== Task to carry out ==
Return only the stretch of the material below that begins with the line containing "forall W : set" and ends with the line containing "Definition S_cpt X Y := @S_prop X Y compact.", exactly; both of those lines belong to it.

== Data listing ==

(* Let $X$ be a regular Type I pseudocompact space and $Y$ any space. Then $X$ is countably compact, and $\mathsf{P}(X,Y)\Leftrightarrow\mathsf{P_{cpt}}(X,Y)$ for each $\mathsf{P}\in\{\mathsf{EC},\mathsf{S},\mathsf{L},\mathsf{BR}\}$.
   Context: All spaces are Hausdorff and maps continuous. A space is pseudocompact if every continuous real-valued function on it is bounded (no further separation axiom assumed). A space $X$ is of Type I if $X=\bigcup_{\alpha<\omega_1}X_\alpha$ with $X_\alpha$ open, $\overline{X_\alpha}\subset X_\beta$ for $\alpha<\beta$, $\overline{X_\alpha}$ Lindelöf, and $X\neq X_\alpha$ for all $\alpha$. For a non-Lindelöf space $X$ and a space $Y$, and for every continuous $f:X\to Y$: $\mathsf{EC}(X,Y)$ asks for a Lindelöf $Z\subset X$ with $f(X\setminus Z)$ a singleton; $\mathsf{S}(X,Y)$ asks for a Lindelöf $Z\subset X$ and a retraction $r:X\to Z$ with $f\circ r=f$; $\mathsf{L}(X,Y)$ asks for a Lindelöf $Z$ with $f(Z)=f(X)$; $\mathsf{BR}(X,Y)$ asks for a Lindelöf $Z$ with $f(X\setminus W)=f(X\setminus Z)$ for every Lindelöf $W\supseteq Z$. $\mathsf{P_{cpt}}$ is obtained from $\mathsf{P}$ by replacing every occurrence of ''Lindelöf'' by ''compact'' (including for $W$ in $\mathsf{BR}$). *)

From HB Require Import structures.
From mathcomp Require Import all_boot all_order all_algebra.
From mathcomp Require Import all_classical all_reals all_analysis.
From mathcomp Require Import Rstruct Rstruct_topology.


Set Implicit Arguments.
Unset Strict Implicit.
Unset Printing Implicit Defensive.

Import Order.TTheory GRing.Theory Num.Theory.
Local Open Scope classical_set_scope.
Local Open Scope ring_scope.

(* A (possibly non-open) subset A of T is Lindelof (as a subspace): every
   cover of A by open sets of T has a countable subcover.  This mirrors the
   library's [cover_compact]. *)
Definition lindelof {T : topologicalType} (A : set T) :=
  forall (I : choiceType) (D : set I) (f : I -> set T),
    (forall i, D i -> open (f i)) -> A `<=` \bigcup_(i in D) f i ->
    exists2 D' : set I, D' `<=` D /\ countable D' & A `<=` \bigcup_(i in D') f i.

(* Countably compact: every countable open cover of the space has a finite
   subcover (countable covers are enumerated by nat, repetitions allowed). *)
Definition countably_compact (T : topologicalType) :=
  forall f : nat -> set T, (forall n, open (f n)) ->
    [set: T] `<=` \bigcup_n f n ->
    exists n : nat, [set: T] `<=` \bigcup_(i in [set k : nat | (k < n)%N]) f i.

Definition pseudocompact (T : topologicalType) :=
  forall f : T -> Rdefinitions.R, continuous f ->
    exists M : Rdefinitions.R, forall x, `|f x| <= M.

(* (I, lt) is (order-isomorphic to) the first uncountable ordinal omega_1:
   a strict well-order which is uncountable but all of whose proper initial
   segments are countable. *)
Definition omega1_order (I : Type) (lt : I -> I -> Prop) :=
  well_founded lt /\
  [/\ (forall a, ~ lt a a),
      (forall a b c, lt a b -> lt b c -> lt a c),
      (forall a b, [\/ lt a b, a = b | lt b a]),
      ~ countable [set: I] &
      (forall a, countable [set b | lt b a])].

Definition typeI (X : topologicalType) :=
  exists (I : Type) (lt : I -> I -> Prop) (Xs : I -> set X),
    omega1_order lt /\
    [/\ (forall a, open (Xs a)),
        (forall a b, lt a b -> closure (Xs a) `<=` Xs b),
        (forall a, lindelof (closure (Xs a))),
        [set: X] = \bigcup_(a in [set: I]) Xs a &
        (forall a, Xs a <> [set: X])].

Section Props.
Variables (X Y : topologicalType) (small : set X -> Prop).

Definition EC_prop :=
  forall f : X -> Y, continuous f ->
    exists Z : set X, small Z /\ exists y : Y, f @` (~` Z) = [set y].

Definition S_prop :=
  forall f : X -> Y, continuous f ->
    exists Z : set X, small Z /\
      exists r : X -> X, [/\ continuous r, (forall x, Z (r x)),
                             (forall z, Z z -> r z = z) &
                             (forall x, f (r x) = f x)].

Definition L_prop :=
  forall f : X -> Y, continuous f ->
    exists Z : set X, small Z /\ f @` Z = f @` [set: X].

Definition BR_prop :=
  forall f : X -> Y, continuous f ->
    exists Z : set X, small Z /\
      forall W : set X, small W -> Z `<=` W -> f @` (~` W) = f @` (~` Z).
End Props.

Definition EC X Y := @EC_prop X Y lindelof.
Definition EC_cpt X Y := @EC_prop X Y compact.
Definition S X Y := @S_prop X Y lindelof.
Definition S_cpt X Y := @S_prop X Y compact.
Definition L X Y := @L_prop X Y lindelof.
Definition L_cpt X Y := @L_prop X Y compact.
Definition BR X Y := @BR_prop X Y lindelof.
Definition BR_cpt X Y := @BR_prop X Y compact.

From HB Require Import structures.
From mathcomp Require Import all_boot all_order all_algebra.
From mathcomp Require Import all_classical all_reals all_analysis.
From mathcomp Require Import Rstruct Rstruct_topology finmap lra.

(** If X were not countably compact, some sequence (x_n) would have no cluster
   point, so D = {x_n} is closed discrete; being countable, D lies in a single
   X_b. The closure K of X_b is closed, Lindelöf and regular, hence normal, and
   Tietze and Urysohn give a continuous f on K with f (x_n) > n and f = 1 on
   K minus X_b. Extended by 1 outside X_b, f is an unbounded continuous
   function on X, contradicting pseudocompactness.
   Once X is countably compact, closed Lindelöf sets are compact, and every
   Lindelöf set Z lies in some X_a (a countable subcover of Z by the X_a is
   bounded in omega_1), hence in the compact proper subset cl X_a. Each of the
   four properties transfers between Lindelöf and compact witnesses by
   enlarging a Lindelöf witness to such a compact set; for S the witness is a
   fixed-point set, hence closed, hence compact inside its compact hull. *)

Set Implicit Arguments.
Unset Strict Implicit.
Unset Printing Implicit Defensive.
Import Order.TTheory GRing.Theory Num.Theory numFieldTopology.Exports.
Local Open Scope classical_set_scope.
Local Open Scope ring_scope.

Lemma countableU (T : Type) (A B : set T) :
  countable A -> countable B -> countable (A `|` B).
Proof.
move=> cA cB; have -> : A `|` B = \bigcup_(i in [set: bool]) (if i then A else B).
  by apply/seteqP; split=> [x [Ax|Bx]|x [[] _]]; [exists true|exists false|left|right].
by apply: bigcup_countable => // -[].
Qed.

Lemma omega1_countable_bounded (I : Type) (lt : I -> I -> Prop) (S : set I) :
  omega1_order lt -> countable S -> exists b, forall s, S s -> lt s b.
Proof.
move=> [_ [_ _ trichotomy uncountableI countable_segment]] cS.
pose U := \bigcup_(s in S) [set c | lt c s] `|` S.
have [b Ub] : exists b, ~ U b.
  apply/existsNP => allU; apply: uncountableI.
  apply: sub_countable (countableU (bigcup_countable cS _) cS) => [|s _].
    by apply: subset_card_le => c _; exact: allU.
  exact: countable_segment.
exists b => s Ss; have [//|sb|bs] := trichotomy s b.
  by exfalso; apply: Ub; right; rewrite -sb.
by exfalso; apply: Ub; left; exists s.
Qed.

Section compact_cover_pointed.
Context (T : topologicalType) (t : T).

Local Definition pointed_copy : Type := T.
HB.instance Definition _ := Topological.copy pointed_copy T.
HB.instance Definition _ := isPointed.Build pointed_copy t.

Lemma compact_cover_at (A : set T) : compact A = cover_compact (A : set pointed_copy).
Proof. by rewrite -(compact_cover pointed_copy). Qed.

End compact_cover_pointed.

(* [compact_cover] is stated for pointed spaces; a point of [A] makes [T] one. *)
Lemma compact_coverE (T : topologicalType) (A : set T) :
  compact A <-> cover_compact A.
Proof.
have [[a _]|/set0P/negP/negPn/eqP->] := pselect (A !=set0).
  by rewrite (compact_cover_at a).
by split=> _; [move=> I D f _ _; exists fset0 | exact: compact0].
Qed.

Section lindelof.
Context {T : topologicalType}.

Lemma compact_lindelof (A : set T) : compact A -> lindelof A.
Proof.
move=> /compact_coverE cA I D f fo Acov; have [D' D'D AD'] := cA I D f fo Acov.
exists [set` D'] => //; split; last exact: countable_fset.
by move=> i /D'D /set_mem.
Qed.

Lemma lindelof_closed_subset (K A : set T) :
  lindelof K -> closed A -> A `<=` K -> lindelof A.
Proof.
move=> lK cA AK I D f fo Acov.
pose g (o : option I) := if o is Some i then f i else ~` A.
have [|x Kx|D' [D'D cD'] KD'] := lK _ [set o | if o is Some i then D i else True] g.
- by case=> [i|] /= Di; [exact: fo | exact: closed_openC].
- have [/Acov [i Di fx]|nAx] := pselect (A x); first by exists (Some i).
  by exists None.
exists [set i | D' (Some i)]; first split.
- by move=> i /D'D.
- move: cD' => /countable_injP [h hinj]; apply/countable_injP; exists (h \o Some).
  by move=> i j /set_mem D'i /set_mem D'j /(hinj _ _ (mem_set D'i) (mem_set D'j)) [].
- by move=> x Ax; have [[i|] //= D'i gx] := KD' x (AK x Ax); exists i.
Qed.

Lemma lindelof_seq_subcover (A : set T) (I : choiceType) (D : set I) (f : I -> set T) :
  lindelof A -> (forall i, D i -> open (f i)) -> A `<=` \bigcup_(i in D) f i ->
  A = set0 \/ exists2 e : nat -> I, (forall n, D (e n)) & A `<=` \bigcup_n f (e n).
Proof.
move=> lA fo Acov; have [D' [D'D /pfcard_geP cD'] AD'] := lA I D f fo Acov.
case: cD' => [D'0|[e]]; [left | right].
  by apply/seteqP; split=> // x /AD'; rewrite D'0 => -[].
exists e => [n|x /AD' [i D'i fx]]; first exact/D'D/funS.
by have [n _ eni] := surj (f := e) D'i; exists n; rewrite ?eni.
Qed.

Lemma countably_compact_lindelof_compact (A : set T) :
  countably_compact T -> closed A -> lindelof A -> compact A.
Proof.
move=> ccT cA lA; apply/compact_coverE => I D f fo Acov.
have [->|[e De Ae]] := lindelof_seq_subcover lA fo Acov; first by exists fset0.
have [|x _|n Xn] := ccT (fun n => f (e n) `|` ~` A).
- by move=> n; apply: openU; [exact: fo | exact: closed_openC].
- have [/Ae [n _ fx]|nAx] := pselect (A x); first by exists n => //; left.
  by exists 0%N => //; right.
have /finite_fsetP [F FE] : finite_set (e @` `I_n) by exact/finite_image/finite_II.
have FeI i : i \in F -> exists2 k, (k < n)%N & e k = i.
  by move=> iF; have : [set` F] i by []; rewrite -FE => -[k kn eki]; exists k.
exists F.
  by move=> i /FeI [k _ <-]; exact/mem_set/De.
move=> x Ax; have [k kn [fx|//]] := Xn x Logic.I; exists (e k) => //.
by rewrite -FE; exists k.
Qed.

End lindelof.

Section regular_lindelof.
Context {T : topologicalType}.
Hypothesis regT : regular_space T.

Lemma regular_lindelof_closure_cover (A B : set T) :
  lindelof A -> closed B -> A `&` B = set0 ->
  exists u : nat -> set T, [/\ forall n, open (u n),
    A `<=` \bigcup_n u n & forall n, closure (u n) `&` B = set0].
Proof.
move=> lA cB AB.
have /choice [W WP] a : exists W : set T, A a -> open_nbhs a W /\ closure W `<=` ~` B.
  have [Aa|] := pselect (A a); last by exists set0.
  have nBa : (~` B) a by move=> Ba; rewrite -[False]/(set0 a) -AB.
  have [W aW clWB] := regT (open_nbhs_nbhs (conj (closed_openC cB) nBa)).
  exists W° => _; split; first by split; [exact: open_interior | exact: aW].
  exact: subset_trans (closureS (@interior_subset _ _)) clWB.
have [A0|[e Ae AWe]] := lindelof_seq_subcover (f := W) lA
    (fun a Aa => (WP a Aa).1.1) (fun a Aa => ex_intro2 _ _ a Aa (WP a Aa).1.2).
  exists (fun=> set0); split=> [n|x|n]; [exact: open0 | by rewrite A0 |].
  by rewrite closure0 set0I.
exists (W \o e); split=> [n|//|n]; first exact: (WP _ (Ae n)).1.1.
by apply/disjoints_subset; exact: (WP _ (Ae n)).2.
Qed.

== Problem solution ==
      forall W : set X, small W -> Z `<=` W -> f @` (~` W) = f @` (~` Z).
End Props.

Definition EC X Y := @EC_prop X Y lindelof.
Definition EC_cpt X Y := @EC_prop X Y compact.
Definition S X Y := @S_prop X Y lindelof.
Definition S_cpt X Y := @S_prop X Y compact.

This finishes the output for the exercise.